Начните с отсасывания среды из планшетов, содержащих прилипшее сырье 264,7. Добавьте 10 миллилитров PBS на 15-сантиметровую тарелку. С помощью скребка для клеток отделите клетки и вытяните их в одну 50-миллилитровую трубку.
Пипеткой вгоняйте клеточную суспензию вверх и вниз до гомогенизации. Далее переложите 5% объема клеточной суспензии в новую пробирку объемом 1,5 миллилитров. Центрифугируйте при 300G в течение пяти минут при комнатной температуре.

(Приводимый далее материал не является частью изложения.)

Lemma laplacian_conj_row0 j : K ord0 j = 0.
Proof.
have : row ord0 K = 0.
  rewrite !row_mul (_ : row ord0 P = const_mx 1) ?const_mx_laplacian ?mul0mx //.
  by apply/rowP => k; rewrite !mxE.
by move/rowP/(_ j); rewrite !mxE.
Qed.

(* A kernel vector of the minor, padded with a 0, is a kernel vector of [K],
   so it comes from a constant kernel vector of the Laplacian whose sum is 0. *)
Lemma laplacian_conj_minor_det : \det (row' ord0 (col' ord0 K)) != 0.
Proof.
rewrite -det_tr; apply/det0P => -[v nz_v vK'].
pose y : 'cV[R]_n.+1 := \col_i (if unlift ord0 i is Some i' then v 0 i' else 0).
have y0 : y ord0 0 = 0 by rewrite mxE unlift_none.
have y_lift j : y (lift ord0 j) 0 = v 0 j by rewrite mxE liftK.
have Ky : K *m y = 0.
  apply/colP => i; rewrite [RHS]mxE mxE.
  case: (unliftP ord0 i) => [i'|] ->; last first.
    by rewrite big1 // => j _; rewrite laplacian_conj_row0 mul0r.
  rewrite big_ord_recl y0 mulr0 add0r.
  transitivity ((v *m (row' ord0 (col' ord0 K))^T) 0 i'); last by rewrite vK' mxE.
  by rewrite mxE; apply: eq_bigr => j _; rewrite y_lift !mxE mulrC.
pose z := invmx P *m y.
have z_const : forall i j, z i 0 = z j 0.
  apply: laplacian_ker_const.
  have -> : laplacian *m z = invmx P *m (K *m y).
    by rewrite !mulmxA mulVmx ?row0_ones_mx_unit ?mul1mx.
  by rewrite Ky mulmx0.
have y_Pz : y = P *m z by rewrite /z mulmxA mulmxV ?row0_ones_mx_unit // mul1mx.
have z0 : z ord0 0 = 0.
  have : y ord0 0 = (n.+1)%:R * z ord0 0.
    transitivity (\sum_(k < n.+1) z ord0 0); last by rewrite sumr_const card_ord mulr_natl.
    by rewrite y_Pz row0_ones_mulmx_ord0; apply: eq_bigr => k _; rewrite (z_const k ord0).
  by rewrite y0 => /esym/eqP; rewrite mulf_eq0 pnatr_eq0 => /eqP.
move/eqP: nz_v; apply; apply/rowP => j; rewrite -y_lift y_Pz mxE big1 ?mxE // => k _.
by rewrite (z_const k ord0) z0 mulr0.
Qed.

Выбросьте надосадочную жидкость и положите гранулу общей клеточной фракции на лед. После центрифугирования оставшейся суспензии, как описано ранее, аспирируйте надосадочную жидкость и повторно суспендируйте клеточную гранулу в пяти миллилитрах ледяного митохондриального буфера. Центрифугируйте суспензию при 300G в течение пяти минут при четырех градусах Цельсия.
Повторно суспендируйте гранулу в 0,5 миллилитрах холодного митохондриального буфера. И переложите суспензию в трубку объемом 1,5 миллилитра. Далее гомогенизируйте суспензию, обойдя ее 30 раз через иглу 25 калибра, установленную на одномиллилитровый шприц.
Затем добавьте в пробирку один миллилитр холодного митохондриального буфера и перемешайте методом инверсии. После центрифугирования клеток переложите один миллилитр надосадочной жидкости в свежую пробирку со льдом. Повторно суспендируйте гранулу в буфере и гомогенизируйте гранулу, пропустив ее через иглу 25 калибра, установленную на шприце объемом в один миллилитр.
Соберите гомогенизированные клеточные гранулы и надосадочную жидкость, полученные на предыдущих этапах, в одну пробирку объемом 1,5 миллилитра. Центрифугируйте его при температуре 2000G в течение пяти минут при четырех градусах Цельсия. Соберите надосадочную жидкость и разделите ее на четыре пробирки по 1,5 миллилитров.
Доведите объем в каждой пробирке до 1,5 миллилитров с помощью митохондриального буфера. Переверните пробирки, чтобы перемешать их содержимое, а затем центрифугируйте пробирки. Аккуратно удалите надосадочную жидкость и верхнюю белую клеточную гранулу.
Держите одну из четырех пробирок, содержащих коричневую митохондриальную гранулу, на льду в качестве сырой митохондриальной фракции. Вытяните оставшиеся гранулы в новую пробирку и сделайте итоговый объем одним миллилитром с митохондриальным буфером. С использованием этого протокола были получены общие клетки и сырые митохондриальные фракции из необработанной клеточной линии 264,7 макрофагов и МПКД.
Иммунологический анализ крови показал, что митохондриальная цитратсинтаза обогащена сырой фракцией. Белки цитозоля, плазматической мембраны, ядра, лизосомы и эндоплазматического ретикулума исчезли. Протеомный анализ показал обогащение сырой фракции более чем в десять раз.
Остальные шесть клеточных компартментов были истощены во время очистки.